My understanding is that the implementation is mathematically equivalent, following the steps in my first post based on the details of the Wikipedia page. I've also found in recent work that the matrix normal approach provides unbiased estimates in Stan for quantitative genetic models. However, it's less clear to me why the current and proposed brms implementations aren't computationally equivalent in Stan, at least for individual samples. Perhaps this is vaguely similar to differences in the estimation bias of centered vs non-centered random effects in Stan, but I'm not really sure, as both models seem to be converging well. So I suggested treating the matrix normal an optional feature because it may otherwise lead to meaningful differences in point estimates between models estimated with newer and older versions of brms.

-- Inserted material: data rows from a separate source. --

Lemma form_le_trans s t u : Vf s -> Vf t -> Vf u -> s <=V t -> t <=V u -> s <=V u.
Proof.
move=> sVf tVf uVf /(form_leP sVf tVf) [ts qst sb_or_sub].
move=> /(form_leP tVf uVf) [ut qtu tb_or_sub]; apply/form_leP => //; split.
- by move=> x /ut /ts.
- by move=> x Dx; apply: le_trans (qst _ (ut _ Dx)) (qtu _ Dx).
- case: (pselect (bounded s)) => [|sunb]; first by left.
  case: sb_or_sub => [//|st]; right => x Dx.
  case: tb_or_sub => [tb|]; last by apply; exact: st.
  case: sunb; apply: (bounded_form_le (Vf_positive sVf) (Vf_positive tVf) st _ tb).
  by move=> y /st; exact: qst.
Qed.

Lemma form_le_bounded t u : Vf t -> Vf u -> t <=V u -> bounded u -> bounded t.
Proof.
move=> tVf uVf /(form_leP tVf uVf) [ut qtu _] ub.
have ufull := Vf_full uVf ub.
apply: (bounded_form_le (Vf_positive tVf) (Vf_positive uVf)) ub => x _.
  exact: ufull.
exact: qtu.
Qed.

Lemma form_le_unbounded_dom t u : Vf t -> Vf u -> t <=V u -> ~ bounded t ->
  forall x, dom t x <-> dom u x.
Proof.
move=> tVf uVf /(form_leP tVf uVf) [ut _ tb_or_sub] tunb x.
by case: tb_or_sub => // tu; split; [exact: tu | exact: ut].
Qed.

Lemma form_le_nonincreasing (w : nat -> fm) : (forall n, Vf (w n)) ->
  (forall n, w n.+1 <=V w n) -> forall n m, (n <= m)%N -> w m <=V w n.
Proof.
move=> wVf w_decr n; elim=> [|m IH]; first by rewrite leqn0 => /eqP ->; exact: form_le_refl.
rewrite leq_eqVlt => /orP[/eqP -> | /IH]; first exact: form_le_refl.
exact: form_le_trans (w_decr m).
Qed.

End Order.

Section DecreasingLimit.
Variables (R : realType) (H : lmodType R[i]) (ip : H -> H -> R[i]).
Hypothesis hip : is_inner_product ip.
Local Notation fm := (Defs.form H).
Local Notation Vf := (Vf ip).
Local Notation bounded := (bounded_form ip).
Local Notation "t <=V u" := (form_le ip t u) (at level 70).

Variable v : nat -> fm.
Hypotheses (vVf : forall n, Vf (v n)) (v_decr : forall n, v n.+1 <=V v n).
Hypothesis v_dom : forall n x, dom (v n) x <-> dom (v 0) x.

Let D := dom (v 0).
Let inD n x : D x -> dom (v n) x := (v_dom n x).2.

Lemma qf_nonincreasing n m x : (n <= m)%N -> D x ->
  qf (fval (v m)) x <= qf (fval (v n)) x.
Proof.
move=> + Dx; elim: m => [|m IH]; first by rewrite leqn0 => /eqP ->.
rewrite leq_eqVlt => /orP[/eqP -> // | /IH]; apply: le_trans.
by have [_ + _] := form_le_elim (vVf m.+1) (vVf m) (v_decr m); apply; exact: inD.
Qed.

Definition qf_lim x := inf (range (fun n => qf (fval (v n)) x)).

Definition lim_form : fm := Form D (polar (fun z => (qf_lim z)%:C)).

I'm happy to run more simulations if you have suggestions for how to best investigate the question further.

[paul-buerkner]

Thank you for your time and effort! Perhaps, there is a mistake in the current brms implementation or we messed up the indexing during transformation form z to r in either of the implementation? I don't really know but am hesitant to implement the new version before I understand where these differences are coming from. Does the same problem apply already without the by stuff? If yes running and comparing the examples form the brms_phylogenetics vignette could help in our understanding. or did you check them already?

[paul-buerkner]

I will close this issue for now to clean up the issue tracker a bit since this isn't high priority and the discussion seems stale.